# Part 1 — Introduction to scraping data

### What is web scraping?
Web scraping is programmatically fetching content from websites and extracting structured data (tables, text, links, images, JSON, etc.). Scraping is useful for research, collecting datasets, monitoring prices, and more.

### When to scrape vs. use an API

Prefer an official API when available (cleaner, stable, respects provider limits).

Scrape when there’s no API or the API lacks data you need — but proceed cautiously (see legal/ethical section).

### High-level workflow

- Inspect the page manually (browser dev tools).
- Identify the URL(s) and the HTML elements or API endpoints that contain the data.
- Write code to fetch the page (or call the API).
- Parse the HTML/JSON and extract fields.
- Respect robots.txt, rate limits, and terms of service; add delays and caching.
- Store data (CSV, JSON, database).

# Part 2 — Overview of popular scraping tools in Python

Short intro to the toolset and when to choose each:

1. requests + BeautifulSoup (bs4) — Classic stack for static HTML pages. Easy, lightweight, perfect for beginners and many real-world tasks where JS is not required.

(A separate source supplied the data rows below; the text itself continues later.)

(* Let $q$ be an even prime power (a power of $2$), $m,n\ge1$, let $\mathscr{C}\subseteq\mathrm{GF}(q^m)^n$ be a scalable code and let $\mathscr{B}$ be a basis of $\mathrm{GF}(q^m)$ over $\mathrm{GF}(q)$. If $\mathrm{Im}_{\mathscr{B}}(\mathscr{C})\subseteq\mathrm{GF}(q)^{mn}$ is self-orthogonal w.r.t. the canonical inner product $\sum_{i=1}^{mn}x_iy_i$, then $\mathscr{C}$ is self-orthogonal w.r.t. the canonical inner product $\sum_{i=1}^n x_iy_i$ on $\mathrm{GF}(q^m)^n$.
   Context: $\mathrm{Tr}:\mathrm{GF}(q^m)\to\mathrm{GF}(q)$, $\mathrm{Tr}(a)=\sum_{i=0}^{m-1}a^{q^i}$. The dual basis of a basis $\{\gamma_1,\ldots,\gamma_m\}$ is the unique basis $\{\beta_1,\ldots,\beta_m\}$ with $\mathrm{Tr}(\gamma_i\beta_j)=\delta_{ij}$. A code $\mathscr{C}\subseteq\mathrm{GF}(q^m)^n$ is scalable if $x\in\mathscr{C}\Rightarrow\alpha x\in\mathscr{C}$ for all $\alpha\in\mathrm{GF}(q^m)$. For a basis $\mathscr{B}$ with dual basis $\{\beta_1,\ldots,\beta_m\}$, $\mathrm{Im}_{\mathscr{B}}(\mathscr{C})=\{(\mathrm{Tr}(\beta_1x_1),\ldots,\mathrm{Tr}(\beta_1x_n),\ldots,\mathrm{Tr}(\beta_mx_1),\ldots,\mathrm{Tr}(\beta_mx_n)):x\in\mathscr{C}\}$. A code $D$ is self-orthogonal w.r.t. a form $g$ if $g(x,y)=0$ for all $x,y\in D$. *)

From HB Require Import structures.
From mathcomp Require Import all_boot all_order all_algebra all_field.
Set Implicit Arguments. Unset Strict Implicit. Unset Printing Implicit Defensive.
Import GRing.Theory.
Local Open Scope ring_scope.

(* GF(q) is modelled by a finite field F (q = #|F|), GF(q^m) by a finite
   dimensional field extension L of F, with m = \dim {:L}. *)

(* Trace Tr : GF(q^m) -> GF(q), Tr a = sum_{i<m} a^(q^i), valued in L
   (its values lie in the image of F). *)
Definition Tr (F : finFieldType) (L : fieldExtType F) (a : L) : L :=
  \sum_(i < \dim {:L}) a ^+ (#|F| ^ i)%N.

Definition is_dual_basis (F : finFieldType) (L : fieldExtType F)
    (gam : (\dim {:L}).-tuple L) (beta : (\dim {:L}).-tuple L) : Prop :=
  basis_of fullv beta /\
  forall i j : 'I_(\dim {:L}),
    Tr (tnth gam i * tnth beta j) = (i == j)%:R.

Definition scalable_code (F : finFieldType) (L : fieldExtType F) (n : nat)
    (C : 'rV[L]_n -> Prop) : Prop :=
  forall (x : 'rV[L]_n) (a : L), C x -> C (a *: x).

(* Im_B(C) is self-orthogonal w.r.t. the canonical inner product on GF(q)^{mn};
   the coordinates Tr(beta_i x_j) are computed in L. *)
Definition image_self_orthogonal (F : finFieldType) (L : fieldExtType F)
    (n : nat) (beta : (\dim {:L}).-tuple L) (C : 'rV[L]_n -> Prop) : Prop :=
  forall x y : 'rV[L]_n, C x -> C y ->
    \sum_(i < \dim {:L}) \sum_(j < n)
      Tr (tnth beta i * x ord0 j) * Tr (tnth beta i * y ord0 j) = 0.

Definition self_orthogonal (F : finFieldType) (L : fieldExtType F)
    (n : nat) (C : 'rV[L]_n -> Prop) : Prop :=
  forall x y : 'rV[L]_n, C x -> C y -> \sum_(j < n) x ord0 j * y ord0 j = 0.

From mathcomp Require Import all_boot all_order all_algebra all_field.
Set Implicit Arguments. Unset Strict Implicit. Unset Printing Implicit Defensive.
Import GRing.Theory.
Local Open Scope ring_scope.

(* Scaling x by a in the self-orthogonality relation of the image code
   turns its left-hand side into a q-polynomial sum_k c_k a^(q^k) of degree
   < q^m vanishing on all of GF(q^m); hence its coefficients vanish, and the
   coefficient of a is the same relation with the first trace removed.
   Doing this again for y removes the second trace, leaving
   sum_(i,j) beta_i^2 x_j y_j = (sum_i beta_i)^2 <x, y> = 0 in characteristic
   2, while sum_i beta_i <> 0 because the beta_i are free. *)

Lemma sqr_sum_pchar2 (R : comNzRingType) (I : Type) (r : seq I) (f : I -> R) :
  (2 \in [pchar R])%N -> (\sum_(i <- r) f i) ^+ 2 = \sum_(i <- r) f i ^+ 2.
Proof.
move=> ch2; rewrite -(pFrobenius_autE ch2) rmorph_sum.
by apply: eq_bigr => i _; exact: pFrobenius_autE.
Qed.

Lemma free_sum_neq0 (K : fieldType) (vT : vectType K) (X : seq vT) :
  free X -> X != [::] -> \sum_(v <- X) v != 0.
Proof.
case: X => [|v X] //; rewrite free_cons big_cons addr_eq0 => /andP[vNX _] _.
apply: contra vNX => /eqP ->.
by rewrite rpredN big_seq rpred_sum // => w /memv_span.
Qed.

Section QPolynomials.

Variables (F : finFieldType) (L : fieldExtType F).
Local Notation q := #|F|.
Local Notation m := (\dim {:L}).

Lemma card_fieldExt : #|finvect_type L| = (q ^ m)%N.
Proof.
by rewrite -(card_vspacef (Vector.class (finvect_type L))) card_vspace.
Qed.

Lemma qpoly_coef_eq0 (c : 'I_m -> L) :
  (forall a : L, \sum_(k < m) c k * a ^+ (q ^ k) = 0) -> forall k, c k = 0.
Proof.
move=> c_root; have q_gt1 : (1 < q)%N := finNzRing_gt1 F.
pose P : {poly L} := \sum_(k < m) c k *: 'X^(q ^ k).
have coefP (k : 'I_m) : P`_(q ^ k) = c k.
  rewrite coef_sum (bigD1 k) //= coefZ coefXn eqxx mulr1 big1 ?addr0 // => l lk.
  by rewrite coefZ coefXn eqn_exp2l // eq_sym (val_eqE l k) (negbTE lk) mulr0.
suff P0 : P = 0 by move=> k; rewrite -coefP P0 coef0.
apply/eqP; apply: contraT => P_neq0.
have sizeP : (size P <= q ^ m)%N.
  apply: (leq_trans (size_sum _ _ _)); apply/bigmax_leqP => k _.
  by rewrite (leq_trans (size_scale_leq _ _)) // size_polyXn ltn_exp2l.
have rootP : all (root P) (enum (finvect_type L)).
  apply/allP => a _; apply/eqP; rewrite horner_sum -[RHS](c_root a).
  by under eq_bigr do rewrite hornerZ hornerXn.
have := max_poly_roots P_neq0 rootP (enum_uniq _).
have -> : size (enum (finvect_type L) : seq L) = (q ^ m)%N.
  by rewrite -card_fieldExt cardE.
by rewrite ltnNge sizeP.
Qed.

Lemma sum_Tr_scale_eq0 (I : finType) (u t : I -> L) :
  (forall a : L, \sum_(s : I) Tr (a * u s) * t s = 0) ->
  \sum_(s : I) u s * t s = 0.
Proof.
move=> Tr_eq0; have m_gt0 : (0 < m)%N := adim_gt0 (fullv : {subfield L}).
suff /(_ (Ordinal m_gt0)) : forall k : 'I_m, \sum_s u s ^+ (q ^ k) * t s = 0.
  by rewrite expn0; under eq_bigr do rewrite expr1.
apply: qpoly_coef_eq0 => a; rewrite -[RHS](Tr_eq0 a) /Tr; apply/esym.
under eq_bigr do rewrite big_distrl.
rewrite exchange_big; apply: eq_bigr => k _.
rewrite big_distrl; apply: eq_bigr => s _.
by rewrite exprMn /= [RHS]mulrC mulrA.
Qed.

End QPolynomials.

Theorem proposition2 (F : finFieldType) (L : fieldExtType F) (n : nat)
    (C : 'rV[L]_n -> Prop) (gam beta : (\dim {:L}).-tuple L) :
  (2 \in [pchar F])%N ->
  (0 < n)%N ->
  @scalable_code F L n C ->
  basis_of fullv gam ->
  @is_dual_basis F L gam beta ->
  @image_self_orthogonal F L n beta C ->
  @self_orthogonal F L n C.
Proof.
move=> ch2 _ scalC _ [beta_basis _] imgC x y Cx Cy.
have beta_sum_neq0 : \sum_(i < \dim {:L}) tnth beta i != 0.
  rewrite -(big_tuple _ _ _ xpredT id).
  rewrite free_sum_neq0 ?(basis_free beta_basis) //.
  apply: contraTneq (adim_gt0 (fullv : {subfield L})) => beta_nil.
  by rewrite -(size_tuple beta) beta_nil.
have trace_x v : C v -> \sum_(p : 'I_(\dim {:L}) * 'I_n)
    (tnth beta p.1 * x ord0 p.2) * Tr (tnth beta p.1 * v ord0 p.2) = 0.
  move=> Cv; apply: sum_Tr_scale_eq0 => a.
  rewrite -[RHS](imgC _ _ (scalC x a Cx) Cv) pair_bigA.
  by apply: eq_bigr => -[i j] _; rewrite mxE [a * _]mulrCA.
have : \sum_(i < \dim {:L}) \sum_(j < n)
    (tnth beta i * y ord0 j) * (tnth beta i * x ord0 j) = 0.
  rewrite pair_bigA; apply: sum_Tr_scale_eq0 => b.
  rewrite -[RHS](trace_x _ (scalC y b Cy)).
  by apply: eq_bigr => -[i j] _; rewrite mxE [RHS]mulrC [b * _]mulrCA.
under eq_bigr do under eq_bigr do rewrite mulrACA -expr2 (mulrC (y _ _)).
under eq_bigr do rewrite -mulr_sumr.
rewrite -mulr_suml -sqr_sum_pchar2 ?(pchar_lalg L) // => /eqP.
rewrite mulf_eq0 expf_eq0 /= (negbTE beta_sum_neq0) => /eqP //.
Qed.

2. Scrapy — Full-featured scraping framework: spiders, request scheduling, pipelines, auto-throttling, built-in exporters, concurrent crawling. Use it for medium→large scale scraping projects.

3. Selenium — Drives a real browser (or headless browser) and can handle dynamic pages, heavy JavaScript, and interactions (clicks, logins). Slower but powerful.

4. APIs & JSON endpoints — Many sites load data via XHR/Fetch; reverse-engineering these endpoints is often easier and more reliable than parsing rendered HTML.

# Part 3 — Simple use of BeautifulSoup

```
pip install bs4 requests
```


In [None]:
# import necessary libraries
from bs4 import BeautifulSoup
import requests
import re


# function to extract html document from given url
def getHTMLdocument(url):
    
    # request for HTML document of given url
    response = requests.get(url)
    
    # response will be provided in JSON format
    return response.text

  
# assign required credentials
# assign URL
url_to_scrape = "https://www.geeksforgeeks.org/courses"

# create document
html_document = getHTMLdocument(url_to_scrape)

# create soap object
soup = BeautifulSoup(html_document, 'html.parser')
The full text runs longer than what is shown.